Now that you're more specific, I can understand what your concern is. I do apologize but I was given a different impression. But I am legitimately happy to hear the exact things that are bothering you.

Now obviously it's pretty common for people to question that logic given that this is suppose to be a fantasy world that goes against reality. And yet, science has to play a part because I felt the need to add a little of it. If you had to view this from a scientific point, what do you think magic would be? No mumble jumbo, but something that can be explained? What is magic if you had to break it down bit by bit, and what makes it relate to its other forms? This Lava-like substance that exists deep underground, or how it's found in the air that they breathe, or how it affects water to the point where it changes color? Why is it that magic is naturally hot and can be used by these living things? Is it natural? is it artificial? 

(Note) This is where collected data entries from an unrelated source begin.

Lemma about_half_ceil : about_half (fun N => (N + 1) / 2)%nat.
Proof.
  intros N. pose proof (Nat.div_mod (N + 1) 2 ltac:(lia)).
  pose proof (Nat.mod_upper_bound (N + 1) 2 ltac:(lia)). lia.
Qed.

Lemma about_half_floor : about_half (fun N => N / 2)%nat.
Proof.
  intros N. pose proof (Nat.div_mod N 2 ltac:(lia)).
  pose proof (Nat.mod_upper_bound N 2 ltac:(lia)). lia.
Qed.

Lemma is_lim_seq_about_half (c : nat -> nat) :
  about_half c -> is_lim_seq (fun N => INR (c N) / INR N) (1 / 2).
Proof.
  intros Hc.
  apply (is_lim_seq_le_le_loc (fun N => 1 / 2 - / INR N / 2) _ (fun N => 1 / 2 + / INR N / 2)).
  - exists 1%nat. intros n Hn. destruct (Hc n) as [H1 H2].
    apply le_INR in H1, H2. rewrite plus_INR, mult_INR in H1, H2. cbn [INR] in H1, H2.
    assert (Hn' : 1 <= INR n) by (apply (le_INR 1); lia).
    split; apply Rmult_le_reg_r with (INR n); try lra; field_simplify; lra.
  - replace (1 / 2) with (1 / 2 - 0 / 2) at 1 by field.
    apply is_lim_seq_minus'; [apply is_lim_seq_const|].
    apply is_lim_seq_div'; [apply is_lim_seq_inv_INR|apply is_lim_seq_const|lra].
  - replace (1 / 2) with (1 / 2 + 0 / 2) at 1 by field.
    apply is_lim_seq_plus'; [apply is_lim_seq_const|].
    apply is_lim_seq_div'; [apply is_lim_seq_inv_INR|apply is_lim_seq_const|lra].
Qed.

Lemma is_lim_seq_ratio_about_half (A c : nat -> nat) (a : R) :
  A 0%nat = 0%nat -> about_half c ->
  is_lim_seq (fun N => INR (A N) / INR N) a ->
  is_lim_seq (fun N => INR (A (c N)) / INR N) (a / 2).
Proof.
  intros HA Hc Hl.
  apply (is_lim_seq_ext (fun N => INR (A (c N)) / INR (c N) * (INR (c N) / INR N))).
  - intros N. destruct (Nat.eq_dec (c N) 0) as [E|E].
    + rewrite E, HA. cbn [INR]. unfold Rdiv. ring.
    + assert (N <> 0%nat) by (intros ->; specialize (Hc 0%nat); lia).
      field. split; apply not_0_INR; auto.
  - replace (a / 2) with (a * (1 / 2)) by field.
    apply is_lim_seq_mult'; [|now apply is_lim_seq_about_half].
    apply (is_lim_seq_subseq (fun N => INR (A N) / INR N)); [|exact Hl].
    intros P [N0 HP]. exists (2 * N0 + 2)%nat. intros n Hn. apply HP.
    specialize (Hc n). lia.
Qed.

Lemma is_lim_seq_ratio_halves (A B : nat -> nat) (a b : R) :
  A 0%nat = 0%nat -> B 0%nat = 0%nat ->
  is_lim_seq (fun N => INR (A N) / INR N) a ->
  is_lim_seq (fun N => INR (B N) / INR N) b ->
  is_lim_seq (fun N => INR (A ((N + 1) / 2) + B (N / 2))%nat / INR N) ((a + b) / 2).
Proof.
  intros HA HB Ha Hb.
  apply (is_lim_seq_ext (fun N => INR (A ((N + 1) / 2)%nat) / INR N + INR (B (N / 2))%nat / INR N)).
  - intros N. rewrite plus_INR. unfold Rdiv. ring.
  - replace ((a + b) / 2) with (a / 2 + b / 2) by field.
    apply is_lim_seq_plus';
      apply is_lim_seq_ratio_about_half; auto using about_half_ceil, about_half_floor.
Qed.

Lemma is_lim_freq_zero (j : Z) : is_lim_seq (freq j 0) (dirac0 j).
Proof.
  apply (is_lim_seq_ext_loc (fun _ => dirac0 j)); [|apply is_lim_seq_const].
  exists 1%nat. intros n Hn. unfold freq, dirac0. rewrite cnt_zero.
  destruct (Z.eqb j 0).
  - field. apply not_0_INR. lia.
  - cbn [INR]. unfold Rdiv. ring.
Qed.

Lemma is_lim_freq_double (j : Z) (u : nat) (a : R) :
  is_lim_seq (freq j u) a -> is_lim_seq (freq j (2 * u)) a.
Proof.
  intros Ha. replace a with ((a + a) / 2) by field.
  apply (is_lim_seq_ext (fun N => INR (cnt j u ((N + 1) / 2) + cnt j u (N / 2))%nat / INR N)).
  - intros N. unfold freq. now rewrite cnt_double.
  - now apply is_lim_seq_ratio_halves.
Qed.

Lemma is_lim_freq_succ_double (j : Z) (u : nat) (a b : R) :
  is_lim_seq (freq (j - 1) u) a -> is_lim_seq (freq (j + 1) (u + 1)) b ->
  is_lim_seq (freq j (2 * u + 1)) ((a + b) / 2).
Proof.
  intros Ha Hb.
  apply (is_lim_seq_ext
           (fun N => INR (cnt (j - 1) u ((N + 1) / 2) + cnt (j + 1) (u + 1) (N / 2))%nat / INR N)).
  - intros N. unfold freq. now rewrite cnt_succ_double.
  - now apply is_lim_seq_ratio_halves.
Qed.

Lemma cnt_one_ge2 (j : Z) (N : nat) : (2 <= j)%Z -> cnt j 1 N = 0%nat.
Proof.
  revert j. induction N as [N IH] using lt_wf_ind. intros j Hj.
  rewrite (cnt_succ_double j 0), cnt_zero.
  destruct (Z.eqb_spec (j - 1) 0); [lia|].
  destruct N as [|N]; [reflexivity|].
  rewrite IH; [reflexivity| |lia]. apply Nat.div_lt; lia.
Qed.

Lemma is_lim_freq_one_ge2 (j : Z) : (2 <= j)%Z -> is_lim_seq (freq j 1) 0.
Proof.
  intros Hj. apply (is_lim_seq_ext (fun _ => 0)); [|apply is_lim_seq_const].
  intros n. unfold freq. rewrite cnt_one_ge2 by exact Hj. cbn [INR]. unfold Rdiv. ring.
Qed.

Lemma ex_lim_freq_one (j : Z) : ex_finite_lim_seq (freq j 1).
Proof.
  destruct (Z_le_gt_dec 2 j) as [Hj|Hj]; [eexists; now apply is_lim_freq_one_ge2|].
  replace j with (1 - Z.of_nat (Z.to_nat (1 - j)))%Z by lia.
  induction (Z.to_nat (1 - j)) as [|i [l IH]].
  - exists ((dirac0 0 + 0) / 2).
    apply (is_lim_freq_succ_double _ 0); [apply is_lim_freq_zero|].
    apply is_lim_freq_one_ge2. lia.
  - exists ((dirac0 (1 - Z.of_nat (S i) - 1) + l) / 2).
    apply (is_lim_freq_succ_double _ 0); [apply is_lim_freq_zero|].
    now replace (1 - Z.of_nat (S i) + 1)%Z with (1 - Z.of_nat i)%Z by lia.
Qed.

Lemma ex_lim_freq (j : Z) (t : nat) : ex_finite_lim_seq (freq j t).
Proof.
  revert j. induction t as [| | u _ IH | u _ IHu IHu1] using binary_ind; intros j.
  - eexists. apply is_lim_freq_zero.
  - apply ex_lim_freq_one.
  - destruct (IH j) as [l Hl]. exists l. now apply is_lim_freq_double.
  - destruct (IHu (j - 1)%Z) as [a Ha], (IHu1 (j + 1)%Z) as [b Hb].
    eexists. exact (is_lim_freq_succ_double j u a b Ha Hb).
Qed.

Lemma delta_unique (j : Z) (t : nat) (l : R) : is_lim_seq (freq j t) l -> delta j t = l.
Proof.
  intros Hl. unfold delta.
  change (Lim_seq (fun N => INR (cnt j t N) / INR N)) with (Lim_seq (freq j t)).
  now rewrite (is_lim_seq_unique _ _ Hl).
Qed.

Lemma delta_spec (j : Z) (t : nat) : is_lim_seq (freq j t) (delta j t).
Proof. destruct (ex_lim_freq j t) as [l Hl]. now rewrite (delta_unique _ _ _ Hl). Qed.

Lemma delta_zero (j : Z) : delta j 0 = dirac0 j.
Proof. apply delta_unique, is_lim_freq_zero. Qed.

Lemma delta_double (j : Z) (u : nat) : delta j (2 * u) = delta j u.
Proof. apply delta_unique, is_lim_freq_double, delta_spec. Qed.

Lemma delta_succ_double (j : Z) (u : nat) :
  delta j (2 * u + 1) = (delta (j - 1) u + delta (j + 1) (u + 1)) / 2.
Proof. apply delta_unique, is_lim_freq_succ_double; apply delta_spec. Qed.

Lemma delta_bounds (j : Z) (t : nat) : 0 <= delta j t <= 1.
Proof.
  pose proof (delta_spec j t) as Hl.
  split.
  - apply (is_lim_seq_le (fun _ => 0) (freq j t) 0 (delta j t)); auto using is_lim_seq_const.
    intros N. apply freq_bounds.
  - apply (is_lim_seq_le (freq j t) (fun _ => 1) (delta j t) 1); auto using is_lim_seq_const.
    intros N. apply freq_bounds.
Qed.

Lemma delta_gt (j : Z) (t : nat) : (Z.of_nat t < j)%Z -> delta j t = 0.
Proof.
  revert j. induction t as [| | u _ IH | u _ IHu IHu1] using binary_ind; intros j Hj.
  - rewrite delta_zero. unfold dirac0. destruct (Z.eqb_spec j 0); [lia|reflexivity].
  - apply delta_unique, is_lim_freq_one_ge2. lia.
  - rewrite delta_double. apply IH. lia.
  - rewrite delta_succ_double, IHu, IHu1 by lia. field.
Qed.

Lemma delta_one_neg (k : nat) : delta (- Z.of_nat k) 1 * 2 ^ S k <= 1.
Proof.
  induction k as [|k IH].
  - rewrite (delta_succ_double _ 0), delta_zero. cbn. unfold dirac0. cbn.
    pose proof (delta_bounds 1 1). lra.
  - rewrite (delta_succ_double _ 0), delta_zero. unfold dirac0.
    destruct (Z.eqb_spec (- Z.of_nat (S k) - 1) 0); [lia|].
    replace (- Z.of_nat (S k) + 1)%Z with (- Z.of_nat k)%Z by lia.
    change (0 + 1)%nat with 1%nat. cbn [pow] in *. lra.
Qed.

I am not going to lie, I actually want people to make assumptions of how this world works; I want them to continue making theories be it from a scientific matter or something else (maybe divine or whatever they feel comfortable with).

After all, this world inspired by real world cultures seems odd doesn't it? Yes, sun worshipers existed, yet this world relies on the moon for religion and believe that the stars are other moons (this last part went without saying, but I honestly felt that it was something that should be brought up during the story or outside where people ask), leading one to imagine. Within the story, religion surrounding the moon goddess herself always credits her for creation of life. This is naturally expected in religion, although a lot of mysteries also surround her and Noches itself.

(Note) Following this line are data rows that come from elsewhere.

(* Along the paraboloid y = |x|^2 the second fundamental form of the graph is
   B(u, v) = 2 <u, v> / |N|^2 N, with N = (-2x, 1) and induced metric g = 1 + 4 x^T x.
   For an orthonormal frame E (so E^T E = g^-1) and a unit vector u, the Phi-SSU sum
   therefore equals (4 / |N|^2) (4 u g^-1 u^T - |u|^2 tr g^-1).  Since
   u g^-1 u^T <= |u|^2 and tr g^-1 = n - 4|x|^2 / (1 + 4|x|^2) > n - 1, it is
   negative as soon as n >= 5.
   Conversely, for any isometric immersion and an orthonormal basis e_1, ..., e_n
   (available at x = 0, where g = 1), summing the Phi-SSU inequalities over
   u = e_c gives 4 sum_(b,c) |B(e_c, e_b)|^2 < |sum_c B(e_c, e_c)|^2
   <= n sum_c |B(e_c, e_c)|^2 by Cauchy-Schwarz, which for n <= 4 is at most the
   left-hand side. *)

From mathcomp Require Import all_boot all_order all_algebra.
From mathcomp Require Import all_classical all_reals all_analysis.
From mathcomp Require Import ring lra.
Set Implicit Arguments. Unset Strict Implicit. Unset Printing Implicit Defensive.
Import Order.TTheory GRing.Theory Num.Theory.
Import numFieldNormedType.Exports.
Local Open Scope ring_scope.
Local Open Scope classical_set_scope.

Section Paraboloid.
Variable R : realType.

Lemma dotvE k (u v : 'rV[R]_k) : dotv u v = \sum_j u ord0 j * v ord0 j.
Proof. by rewrite /dotv mxE; apply: eq_bigr => j _; rewrite mxE. Qed.

Lemma dotvC k (u v : 'rV[R]_k) : dotv u v = dotv v u.
Proof. by rewrite !dotvE; apply: eq_bigr => j _; rewrite mulrC. Qed.

Lemma dotvDl k (u v w : 'rV[R]_k) : dotv (u + v) w = dotv u w + dotv v w.
Proof. by rewrite !dotvE -big_split; apply: eq_bigr => j _; rewrite mxE mulrDl. Qed.

Lemma dotvDr k (u v w : 'rV[R]_k) : dotv w (u + v) = dotv w u + dotv w v.
Proof. by rewrite dotvC dotvDl !(dotvC w). Qed.

Lemma dotvZl k a (u w : 'rV[R]_k) : dotv (a *: u) w = a * dotv u w.
Proof. by rewrite !dotvE mulr_sumr; apply: eq_bigr => j _; rewrite mxE mulrA. Qed.

Lemma dotvZr k a (u w : 'rV[R]_k) : dotv w (a *: u) = a * dotv w u.
Proof. by rewrite dotvC dotvZl dotvC. Qed.

Lemma dotvBl k (u v w : 'rV[R]_k) : dotv (u - v) w = dotv u w - dotv v w.
Proof. by rewrite dotvDl -scaleN1r dotvZl mulN1r. Qed.

Lemma dotvBr k (u v w : 'rV[R]_k) : dotv w (u - v) = dotv w u - dotv w v.
Proof. by rewrite dotvC dotvBl !(dotvC w). Qed.

Lemma dotv0r k (u : 'rV[R]_k) : dotv u 0 = 0.
Proof. by rewrite /dotv trmx0 mulmx0 mxE. Qed.

Lemma mulmx_tr_dotv k (u v : 'rV[R]_k) : u *m v^T = (dotv u v)%:M.
Proof. by apply/matrixP => i j; rewrite !ord1 [RHS]mxE eqxx mulr1n. Qed.

Lemma dotv_row_mx p q (a c : 'rV[R]_p) (b d : 'rV[R]_q) :
  dotv (row_mx a b) (row_mx c d) = dotv a c + dotv b d.
Proof. by rewrite /dotv tr_row_mx mul_row_col mxE. Qed.

Lemma dotv_delta k (u : 'rV[R]_k) i : dotv u (delta_mx 0 i) = u ord0 i.
Proof. by rewrite /dotv trmx_delta -colE mxE. Qed.

Lemma mulmx_entry_dotv k p (u : 'rV[R]_k) (M : 'M[R]_(k, p)) j :
  (u *m M) ord0 j = dotv u (col j M)^T.
Proof. by rewrite /dotv trmxK colE mulmxA -colE [RHS]mxE. Qed.

Lemma sqnorm_ge0 k (u : 'rV[R]_k) : 0 <= sqnorm u.
Proof. by rewrite /sqnorm dotvE sumr_ge0 // => j _; rewrite -expr2 sqr_ge0. Qed.

Lemma sqnorm_eq0 k (u : 'rV[R]_k) : (sqnorm u == 0) = (u == 0).
Proof.
apply/idP/eqP => [|->]; last by rewrite /sqnorm dotv0r.
rewrite /sqnorm dotvE; under eq_bigr do rewrite -expr2.
move=> /eqP/psumr_eq0P u0; apply/rowP => j; rewrite mxE.
by apply/eqP; rewrite -sqrf_eq0 u0 // => i _; exact: sqr_ge0.
Qed.

Lemma mulmx1_invmx n (A B : 'M[R]_n) : A *m B = 1%:M -> invmx A = B.
Proof.
move=> AB; have [Au _] := mulmx1_unit AB.
by rewrite -[RHS]mul1mx -(mulVmx Au) -mulmxA AB mulmx1.
Qed.

Lemma sum_dotv_row_sqr m k (u : 'rV[R]_k) (E : 'M[R]_(m, k)) :
  \sum_b dotv u (row b E) ^+ 2 = (u *m (E^T *m E) *m u^T) ord0 ord0.
Proof.
have -> : u *m (E^T *m E) *m u^T = (u *m E^T) *m (u *m E^T)^T.
  by rewrite trmx_mul trmxK !mulmxA.
rewrite -/(dotv (u *m E^T) (u *m E^T)) dotvE; apply: eq_bigr => b _.
by rewrite mulmx_entry_dotv tr_col trmxK expr2.
Qed.

Lemma sum_sqnorm_row m k (E : 'M[R]_(m, k)) :
  \sum_b sqnorm (row b E) = \tr (E^T *m E).
Proof.
rewrite /mxtrace; under [RHS]eq_bigr do rewrite mxE.
rewrite exchange_big; apply: eq_bigr => b _; rewrite /sqnorm dotvE.
by apply: eq_bigr => j _; rewrite !mxE.
Qed.

Lemma orthonormal_trmx_mulmx m (g E : 'M[R]_m) :
  E *m g *m E^T = 1%:M -> E^T *m E = invmx g.
Proof.
by move=> EgE; apply/esym/mulmx1_invmx; rewrite mulmxA; apply: mulmx1C; rewrite mulmxA.
Qed.

Lemma sum_dotv_le k m (A : 'I_m -> 'rV[R]_k) :
  \sum_c \sum_b dotv (A c) (A b) <= m%:R * \sum_c sqnorm (A c).
Proof.
set S := \sum_c sqnorm (A c); set T := \sum_c \sum_b dotv (A c) (A b).
have : 0 <= \sum_c \sum_b sqnorm (A c - A b).
  by apply: sumr_ge0 => c _; apply: sumr_ge0 => b _; exact: sqnorm_ge0.
have expand c b : sqnorm (A c - A b) = sqnorm (A c) + sqnorm (A b) - 2 * dotv (A c) (A b).
  by rewrite /sqnorm dotvBl !dotvBr (dotvC (A b)); ring.
have inner c : \sum_b sqnorm (A c - A b)
    = sqnorm (A c) *+ m + S - 2 * \sum_b dotv (A c) (A b).
  rewrite (eq_bigr _ (fun b _ => expand c b)) sumrB big_split.
  by rewrite sumr_const card_ord -mulr_sumr.
rewrite (eq_bigr _ (fun c _ => inner c)) sumrB big_split /= sumrMnl sumr_const card_ord.
rewrite -mulr_sumr -/S -/T -mulr_natr; lra.
Qed.

Lemma ssu_sum_neg_dim_gt4 k m (B : 'I_m -> 'I_m -> 'rV[R]_k) : (0 < m)%N ->
  (forall c, \sum_b (4 * sqnorm (B c b) - dotv (B c c) (B b b)) < 0) -> (4 < m)%N.
Proof.
move=> m_gt0 neg; rewrite ltnNge; apply/negP => m_le4.
have total_neg : \sum_c \sum_b (4 * sqnorm (B c b) - dotv (B c c) (B b b)) < 0.
  rewrite (bigD1 (Ordinal m_gt0)) //=.
  have : \sum_(c | c != Ordinal m_gt0)
           \sum_b (4 * sqnorm (B c b) - dotv (B c c) (B b b)) <= 0.
    by apply: sumr_le0 => c _; exact: ltW.
  by have := neg (Ordinal m_gt0); lra.
have cs := sum_dotv_le (fun c => B c c).
set S := \sum_c sqnorm (B c c).
have diag_le : S <= \sum_c \sum_b sqnorm (B c b).
  apply: ler_sum => c _; rewrite (bigD1 c) //= lerDl.
  by apply: sumr_ge0 => b _; exact: sqnorm_ge0.
have mS_le : m%:R * S <= 4 * S.
  by rewrite ler_wpM2r ?ler_nat // sumr_ge0 // => c _; exact: sqnorm_ge0.
move: total_neg; under eq_bigr do rewrite sumrB -mulr_sumr.
rewrite sumrB -mulr_sumr subr_lt0 ltNge => /negP; apply.
by apply: (le_trans cs); apply: (le_trans mS_le); rewrite ler_wpM2l.
Qed.

Lemma derive_affine_quotient (V W : normedModType R) (f : V -> W) (a v : V) (D Q : W) :
  (forall h : R, h != 0 -> h^-1 *: (f (h *: v + a) - f a) = D + h *: Q) ->
  derivable f a v /\ 'D_v f a = D.
Proof.
move=> fq.
have cvD : (fun h => h^-1 *: ((f \o shift a) (h *: v) - f a)) @ 0^' --> D.
  apply: (@cvg_trans _ ((fun h : R => D + h *: Q) @ 0^')).
    apply: near_eq_cvg; near=> h; rewrite /= fq //.
    near: h; exact: nbhs_dnbhs_neq.
  apply: cvg_within_filter.
  have := cvgD (cvg_cst D) (@cvgZr_tmp _ _ _ (nbhs (0:R)) _ (fun h : R => h) 0 Q cvg_id).
  by rewrite scale0r addr0; apply; apply: nbhs_filter.
by split; [apply/cvg_ex; exists D | exact: cvg_lim].
Unshelve. all: by end_near. Qed.

Lemma continuous_mx_entries (T : topologicalType) m k (f : T -> 'M[R]_(m, k)) :
  (forall i j, continuous (fun x => f x i j)) -> continuous f.
Proof.
move=> fij; have -> : f = fun x => \sum_i \sum_j f x i j *: delta_mx i j.
  by apply: funext => x; rewrite [LHS]matrix_sum_delta.
apply: (continuous_big add_continuous) => i _.
apply: (continuous_big add_continuous) => j _ x.
apply: continuousZr_tmp; exact: fij.
Qed.

Lemma continuous_dotv (T : topologicalType) k (f g : T -> 'rV[R]_k) :
  continuous f -> continuous g -> continuous (fun x => dotv (f x) (g x)).
Proof.
move=> cf cg; under eq_fun do rewrite dotvE.
apply: (continuous_big add_continuous) => j _ x.
have coord (h : T -> 'rV[R]_k) : continuous h -> {for x, continuous (fun y => h y ord0 j)}.
  by move=> ch; exact: (continuous_comp (ch x) (@coord_continuous R 1 k ord0 j _)).
by apply: continuousM; exact: coord.
Qed.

I know that's completely vague but there's only so much that I actually want to give out without spoiling the future plans for this series. This is the point where I can admit that I won't give every single answer to what my plans are indefinitely for the complete explanation of what magic "really is", as my mind can change in the years to come. I could have kept this purely fantasy but I thought that it would be exciting to add a bit of sci-fi to it, just to make people wonder. Especially since we have the tendency not to question it if it doesn't go too overboard.  



jm.milks said:


> I'm sorry if I offended you by stating that I do not enjoy people explaining everything with *magic* and giving the reason why that is. Don't waste your time by assuming I'm close minded because that aspect of your world spoils it for me, though. If you want to make it more appealing, develop a real system, not *poof* magic.
> 
> Edit: I've given my reasoning, twice now.  Please try to understand instead of assuming I'm some lesser form of human race because i'd rather offer you the chance to see my viewpoint. I enjoy fantasy not because it's different from our world, I enjoy fantasy because I can immerse myself in something believable, and everytime you fix a problem by making it disappear, you take that from the reader.

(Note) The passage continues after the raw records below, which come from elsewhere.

Lemma dependent_choice_on {X : Type} (I : X -> Prop) (R : X -> X -> Prop) x0 :
  I x0 -> (forall x, I x -> exists y, I y /\ R x y) ->
  exists f : nat -> X, forall n, I (f n) /\ R (f n) (f (S n)).
Proof.
  intros Hx0 Hstep.
  destruct (functional_choice_imp_functional_dependent_choice choice
    (fun x y : {x | I x} => R (proj1_sig x) (proj1_sig y))) with (exist _ x0 Hx0) as [g [_ Hg]].
  - intros [x Hx]. destruct (Hstep x Hx) as [y [Hy Rxy]]. exists (exist _ y Hy). exact Rxy.
  - exists (fun n => proj1_sig (g n)). intros n. split; [apply proj2_sig | apply Hg].
Qed.

Section Nodes.
Variables (O : Type) (lt : O -> O -> Prop).
Hypothesis lt_irrefl : forall a, ~ lt a a.
Hypothesis lt_trans : forall a b c, lt a b -> lt b c -> lt a c.
Hypothesis lt_total : forall a b, lt a b \/ a = b \/ lt b a.

Local Notation nlt := (node_lt O lt).
Local Notation nle := (node_le O lt).
Local Notation norm := (normalized O lt).

Definition comparable (x y : node O) : Prop := x = y \/ nlt x y \/ nlt y x.

Definition cone (B : node O -> Prop) (u : node O) : node O -> Prop :=
  fun x => B x /\ nle u x.

Lemma node_ext (x y : node O) : norm x -> norm y ->
  fst x = fst y -> (forall b, lt b (fst x) -> snd x b = snd y b) -> x = y.
Proof.
  destruct x as [dx sx], y as [dy sy]; unfold normalized; simpl.
  intros Nx Ny <- Hagree. f_equal. apply functional_extensionality. intros b.
  destruct (classic (lt b dx)); auto. rewrite Nx, Ny; auto.
Qed.

Lemma node_le_agree (x z : node O) : nle x z ->
  (fst x = fst z \/ lt (fst x) (fst z)) /\ forall b, lt b (fst x) -> snd x b = snd z b.
Proof. intros [<-|[Hd Hv]]; auto. Qed.

Lemma node_lt_irrefl x : ~ nlt x x.
Proof. intros [H _]. exact (lt_irrefl _ H). Qed.

Lemma node_lt_trans x y z : nlt x y -> nlt y z -> nlt x z.
Proof.
  intros [Hxy Vxy] [Hyz Vyz]. split; eauto.
  intros b Hb. rewrite Vxy by auto. apply Vyz. eauto.
Qed.

Lemma node_lt_le_trans x y z : nlt x y -> nle y z -> nlt x z.
Proof. intros H [<-|H']; eauto using node_lt_trans. Qed.

Lemma node_le_trans x y z : nle x y -> nle y z -> nle x z.
Proof. intros [<-|H] H'; auto. right. eauto using node_lt_le_trans. Qed.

Understandable. Again, I assure you that there's more to this world than what I wrote. I apologize because I thought that you were ignoring what I was saying, but I now understand what the specific issues are that bothers you.

While I don't particularly want this to be part sci-fi, it will be inevitably drag into it for 'scientific' accuracy. It's theorized that rouge planets without a sun can exist but the issue was always heat whenever you needed to support life. In fact, thick layers of water in certain rogue planets could support marine life but deep under thick layers of ice. Hell we have one form of life that can exist in space but I am not going to say that I have all the answers because we humans don't at this point in time. I won't tell you if I've decided what magic in this world is "exactly", but when the time comes and I see it as appropriate, I will decide/reveal what magic is.

Again, I rather keep this pure fantasy but not become close-minded and ignore how people will challenge it from a scientific point. I only ask is that you do not worry so much on the details that occur in the background but if you must, theorize it by all means. Just give it a chance and explore possibilities.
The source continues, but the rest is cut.